ENTRIES SUPPLIED:
(* Let $d,r:\mathbb{N}\to\mathbb{N}$ be functions such that $d$ is nondecreasing, takes only prime values at least $5$, $r$ is strictly increasing, and $3r(n)\le d(n)$ for all $n$. Let $\alpha_n=(1\;2\;\cdots\;d(n))$, $\beta_n=(1\;(1+r(n))\;(1+2r(n)))\in\mathrm{Alt}(d(n))$, $\alpha=(\alpha_n)_n$, $\beta=(\beta_n)_n\in\prod_n\mathrm{Alt}(d(n))$, and $G=\langle\alpha,\beta\rangle$. Let $L_\infty$ be the normal closure of $\beta$ in $G$. Then there is a surjective homomorphism $\tau:G\to W$ with $\tau(\alpha)=a$, $\tau(\beta)=b_0$; its kernel is $\ker\tau=\bigoplus_n\mathrm{Alt}(d(n))\le\prod_n\mathrm{Alt}(d(n))$ (in particular $\bigoplus_n\mathrm{Alt}(d(n))\le G$), and $\ker\tau\le L_\infty$.
   Context: $\mathbb{N}=\{1,2,\dots\}$. $W=C_3\wr\mathbb{Z}=\bigoplus_{\mathbb{Z}}C_3\rtimes\mathbb{Z}$ (the lamplighter group), where $\mathbb{Z}=\langle a\rangle$ acts by shifting coordinates; $b_n$ generates the copy of $C_3$ at coordinate $n$, so $a^nb_ma^{-n}=b_{m+n}$. $\bigoplus_n\mathrm{Alt}(d(n))$ denotes the subgroup of the direct product consisting of elements with finitely many nontrivial coordinates. *)

From HB Require Import structures.
From mathcomp Require Import all_boot all_order all_algebra all_fingroup all_solvable alt.
Set Implicit Arguments. Unset Strict Implicit. Unset Printing Implicit Defensive.
Import GRing.Theory.

(* Index convention: the paper's index set is N = {1,2,...}; we index by
   nat = {0,1,...}, coordinate k standing for the paper's n = k+1.
   Points {1,...,d} of Alt(d) are represented by 'I_d = {0,...,d-1}
   (point p is the ordinal p-1). *)

Definition Pt (d : nat -> nat) := forall n : nat, {perm 'I_(d n)}.
Definition Pmul (d : nat -> nat) (x y : Pt d) : Pt d := fun n => (x n * y n)%g.
Definition Pinv (d : nat -> nat) (x : Pt d) : Pt d := fun n => ((x n)^-1)%g.
Definition P1 (d : nat -> nat) : Pt d := fun n => 1%g.

Definition is_subgroup (d : nat -> nat) (S : Pt d -> Prop) : Prop :=
  [/\ S (P1 d), (forall x y, S x -> S y -> S (Pmul x y)) &
      (forall x, S x -> S (Pinv x))].

Definition gen (d : nat -> nat) (S0 : Pt d -> Prop) (x : Pt d) : Prop :=
  forall H : Pt d -> Prop, is_subgroup H -> (forall y, S0 y -> H y) -> H x.

Definition in_dsumAlt (d : nat -> nat) (x : Pt d) : Prop :=
  (forall n, x n \in ('Alt_('I_(d n)))%g) /\
  (exists N : nat, forall n, N <= n -> x n = 1%g).

Definition cycle_perm (m : nat) : {perm 'I_m} := perm (@ordS_inj m).

(* the 3-cycle (a b c) on points given as 0-based nats (a |-> b |-> c |-> a);
   identity if some point is out of range (never the case below).
   In MathComp (s * t) x = t (s x). *)
Definition cyc3 (m a b c : nat) : {perm 'I_m} :=
  match (insub a : option 'I_m), (insub b : option 'I_m), (insub c : option 'I_m) with
  | Some a', Some b', Some c' => (tperm a' b' * tperm a' c')%g
  | _, _, _ => 1%g
  end.

Definition alpha (d : nat -> nat) : Pt d := fun n => cycle_perm (d n).
Definition beta (d r : nat -> nat) : Pt d :=
  fun n => cyc3 (d n) 0 (r n) (2 * r n).

Arguments alpha : clear implicits.
Arguments beta : clear implicits.

Definition Ggen (d r : nat -> nat) : Pt d -> Prop :=
  gen (fun y => y = alpha d \/ y = beta d r).

Arguments Ggen : clear implicits.

Definition Linf (d r : nat -> nat) : Pt d -> Prop :=
  gen (fun y => exists g, Ggen d r g /\ y = Pmul (Pmul g (beta d r)) (Pinv g)).

Arguments Linf : clear implicits.

(* Lamplighter group W = C_3 wr Z.  An element (f, k) stands for
   (prod_i b_i^(f i)) a^k, with f finitely supported.  Using
   a^k b_m a^-k = b_(m+k), the product is
   (f, k)(g, l) = (i |-> f i + g (i - k), k + l). *)
Definition Wt := ((int -> 'Z_3) * int)%type.
Definition in_W (w : Wt) : Prop :=
  exists N : nat, forall i : int, (N < `|i|)%N -> w.1 i = 0%R.
Definition Wmul (x y : Wt) : Wt :=
  (fun i => (x.1 i + y.1 (i - x.2)%R)%R, (x.2 + y.2)%R).
Definition W1 : Wt := (fun _ => 0%R, 0%R).
Definition Wa : Wt := (fun _ => 0%R, 1%R).
Definition Wb0 : Wt := (fun i => if i == 0%R then 1%R else 0%R, 0%R).

(* Write [b_j] for the point [j * r n] of coordinate [n], so that [beta = (b_0 b_1 b_2)], and
   call the triple [i + b_0, i + b_1, i + b_2] block [i].  At a large coordinate [n], a
   lamplighter element [(f, k)] is realised by rotating block [- i] by [f i] for every small
   [|i|] and then shifting everything by [k]: the conjugate of beta by [alpha ^ i] rotates
   block [- i].  The resulting map [phi : W -> prod Sym(d n)] is multiplicative and injective
   up to finitely many coordinates, and every element of [G] agrees with [phi w], for a unique
   [w], at all large coordinates.  Sending [x] to this [w] defines [tau]; its kernel consists
   of the eventually trivial elements of [G], which lies in [prod Alt(d n)].
   Conversely, as [r] is strictly increasing, the commutator of beta with its conjugate by
   [alpha ^ r n] is trivial beyond coordinate [n] and nontrivial at [n].  By induction on [n],
   the elements of [L_infty] supported at coordinate [n] thus form a nontrivial subgroup of
   [Alt(d n)] normalised by [<alpha_n, beta_n>], which contains [Alt(d n)] because [d n] is
   prime; by simplicity of [Alt(d n)] that subgroup is all of [Alt(d n)]. *)

From Stdlib Require Import ClassicalEpsilon.
From HB Require Import structures.
From mathcomp Require Import all_boot all_order all_algebra all_fingroup all_solvable alt.
From mathcomp Require Import boolp zify ring.
Set Implicit Arguments. Unset Strict Implicit. Unset Printing Implicit Defensive.
Import GRing.Theory Num.Theory.

Definition to_perm {T : finType} (F : T -> T) : {perm T} :=
  if injectiveP F is ReflectT F_inj then perm F_inj else 1%g.

Lemma to_permE (T : finType) (F : T -> T) : injective F -> to_perm F =1 F.
Proof.
rewrite /to_perm => F_inj x; case: injectiveP => [F_inj'|[]//].
by rewrite permE.
Qed.

Lemma odd_permX (T : finType) (s : {perm T}) n :
  odd_perm (s ^+ n)%g = odd n && odd_perm s.
Proof.
elim: n => [|n IH]; first by rewrite expg0 odd_perm1.
by rewrite expgS odd_permM IH /=; case: (odd n); case: (odd_perm s).
Qed.

Lemma iter_ordS m (p : 'I_m) k : (iter k (@ordS m) p : nat) = ((p + k) %% m)%N.
Proof.
have m_gt0 : (0 < m)%N by case: p => /= i; case: m.
elim: k => [|k IH] /=; first by rewrite addn0 modn_small.
by rewrite IH -[(((p + k) %% m).+1)%N]addn1 modnDml addn1 addnS.
Qed.

Lemma mul_coprime_mod_inj (D R t t' : nat) : coprime R D -> (t < D)%N -> (t' < D)%N ->
  (t * R = t' * R %[mod D])%N -> t = t'.
Proof.
move=> coRD ht ht'; wlog le_tt' : t t' ht ht' / (t <= t')%N => [W|E].
  by case: (leqP t t') => h E; [exact: W | apply/esym/W => //; apply: ltnW].
have coDR : coprime D R by rewrite coprime_sym.
have : (D %| t' - t)%N by rewrite -(Gauss_dvdl _ coDR) mulnBl -eqn_mod_dvd ?leq_mul // E.
by case: (posnP (t' - t)) => [|pos /(dvdn_leq pos)]; lia.
Qed.

Section ThreeCycles.
Variable X : finType.
Local Open Scope group_scope.

Definition three_cycle (a b c : X) : {perm X} := tperm a b * tperm a c.

Definition distinct3 (a b c : X) := [&& a != b, a != c & b != c].

Lemma three_cycleE a b c p : distinct3 a b c ->
  three_cycle a b c p =
    if p == a then b else if p == b then c else if p == c then a else p.
Proof.
case/and3P => ab ac bc; rewrite permM.
case: (p =P a) => [->|pa]; first by rewrite tpermL tpermD // eq_sym.
case: (p =P b) => [->|pb]; first by rewrite tpermR tpermL.
case: (p =P c) => [->|pc]; first by rewrite (tpermD ac bc) tpermR.
by rewrite !tpermD // eq_sym; apply/eqP.
Qed.

Lemma three_cycleJ a b c g : three_cycle a b c ^ g = three_cycle (g a) (g b) (g c).
Proof. by rewrite /three_cycle conjMg !tpermJ. Qed.

Lemma three_cycleV a b c : (three_cycle a b c)^-1 = three_cycle a c b.
Proof. by rewrite /three_cycle invMg !tpermV. Qed.

Lemma distinct3_rot a b c : distinct3 a b c -> distinct3 b c a.
Proof. by case/and3P => ab ac bc; rewrite /distinct3 bc eq_sym ab eq_sym ac. Qed.

Lemma distinct3_perm a b c (g : {perm X}) :
  distinct3 a b c -> distinct3 (g a) (g b) (g c).
Proof. by rewrite /distinct3 !(inj_eq perm_inj). Qed.

Section Points.
Variables a b c : X.
Hypothesis abc : distinct3 a b c.

Lemma three_cycle1 : three_cycle a b c a = b.
Proof. by rewrite three_cycleE // eqxx. Qed.

Lemma three_cycle2 : three_cycle a b c b = c.
Proof. by case/and3P: abc => ab _ _; rewrite three_cycleE // eq_sym (negbTE ab) eqxx. Qed.

Lemma three_cycle3 : three_cycle a b c c = a.
Proof.
case/and3P: abc => _ ac bc.
by rewrite three_cycleE // eq_sym (negbTE ac) eq_sym (negbTE bc) eqxx.
Qed.

Lemma three_cycle_id p : p != a -> p != b -> p != c -> three_cycle a b c p = p.
Proof. by move=> pa pb pc; rewrite three_cycleE // (negbTE pa) (negbTE pb) (negbTE pc). Qed.

Lemma three_cycle_rot : three_cycle a b c = three_cycle b c a.
Proof.
have bca := distinct3_rot abc; case/and3P: (abc) => ab ac bc.
apply/permP => p; rewrite !three_cycleE //.
by do ![case: eqP => // ?; subst]; move: ab ac bc; rewrite ?eqxx.
Qed.

Lemma three_cycle_Alt : three_cycle a b c \in 'Alt_X.
Proof. by case/and3P: abc => ab ac _; rewrite Alt_even odd_permM !odd_tperm ab ac. Qed.

Lemma three_cycle_neq1 : three_cycle a b c != 1.
Proof.
apply/eqP => E; have := three_cycle1; rewrite E perm1 => ab.
by case/and3P: abc; rewrite ab eqxx.
Qed.

Lemma three_cycle_on : perm_on [set a; b; c] (three_cycle a b c).
Proof.
apply/subsetP => p; rewrite !inE; apply: contraR.
by rewrite !negb_or => /andP [/andP [pa pb] pc]; rewrite three_cycle_id.
Qed.

End Points.

Lemma three_cycle_at (a b c z : X) : distinct3 a b c -> z \in [:: a; b; c] ->
  exists b' c', distinct3 z b' c' /\ three_cycle a b c = three_cycle z b' c'.
Proof.
move=> abc; have bca := distinct3_rot abc; have cab := distinct3_rot bca.
rewrite !inE => /or3P [] /eqP ->; first by exists b, c.
  by exists c, a; rewrite three_cycle_rot.
by exists a, b; rewrite three_cycle_rot // three_cycle_rot.
Qed.

End ThreeCycles.

Section ThreeCycleGeneration.
Variables (X : finType) (T : {group {perm X}}).
Local Open Scope group_scope.

Section Through.
Variables x y : X.
Hypotheses (xy : x != y) (Txy : forall z, distinct3 x y z -> three_cycle x y z \in T).

Lemma three_cycle_from_y_avoiding_x b c :
  distinct3 y b c -> b != x -> c != x -> three_cycle y b c \in T.
Proof.
case/and3P=> yb yc bc bx cx.
have xyb : distinct3 x y b by rewrite /distinct3 xy eq_sym bx yb.
have -> : three_cycle y b c = three_cycle x y c ^ three_cycle x y b.
  by rewrite three_cycleJ three_cycle1 // three_cycle2 // three_cycle_id // eq_sym.
by rewrite groupJ ?Txy // /distinct3 xy eq_sym cx yc.
Qed.

Lemma three_cycle_from_x_avoiding_y b c :
  distinct3 x b c -> b != y -> c != y -> three_cycle x b c \in T.
Proof.
case/and3P=> xb xc bc by_ cy.
have xyc : distinct3 x y c by rewrite /distinct3 xy xc eq_sym cy.
have ycb : distinct3 y c b by rewrite /distinct3 eq_sym cy eq_sym by_ eq_sym bc.
have -> : three_cycle x b c = three_cycle y c b ^ three_cycle x y c.
  have bx : b != x by rewrite eq_sym.
  rewrite three_cycleJ three_cycle2 // three_cycle3 // three_cycle_id //.
  by rewrite [RHS]three_cycle_rot // /distinct3 eq_sym xc eq_sym bc xb.
by rewrite groupJ ?Txy ?three_cycle_from_y_avoiding_x ?(eq_sym c) ?(eq_sym b).
Qed.

Lemma three_cycle_from_x b c : distinct3 x b c -> three_cycle x b c \in T.
Proof.
move=> xbc; case/and3P: (xbc) => xb xc bc.
case: (b =P y) => [E|/eqP by_]; first by subst b; apply: Txy.
case: (c =P y) => [E|/eqP cy]; last exact: three_cycle_from_x_avoiding_y.
by subst c; rewrite -three_cycleV groupV Txy // /distinct3 xy xb eq_sym.
Qed.

Lemma three_cycle_from_y b c : distinct3 y b c -> three_cycle y b c \in T.
Proof.
move=> ybc; case: (boolP (x \in [:: y; b; c])) => [/(three_cycle_at ybc)|].
  by case=> b' [c' [xbc ->]]; apply: three_cycle_from_x.
rewrite !inE !negb_or xy /= => /andP [xb xc].
by apply: three_cycle_from_y_avoiding_x; rewrite 1?eq_sym.
Qed.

PROMPT: Copy each line of the listing that contains "tpermR".

RESPONSE AREA:
case: (p =P b) => [->|pb]; first by rewrite tpermR tpermL.
case: (p =P c) => [->|pc]; first by rewrite (tpermD ac bc) tpermR.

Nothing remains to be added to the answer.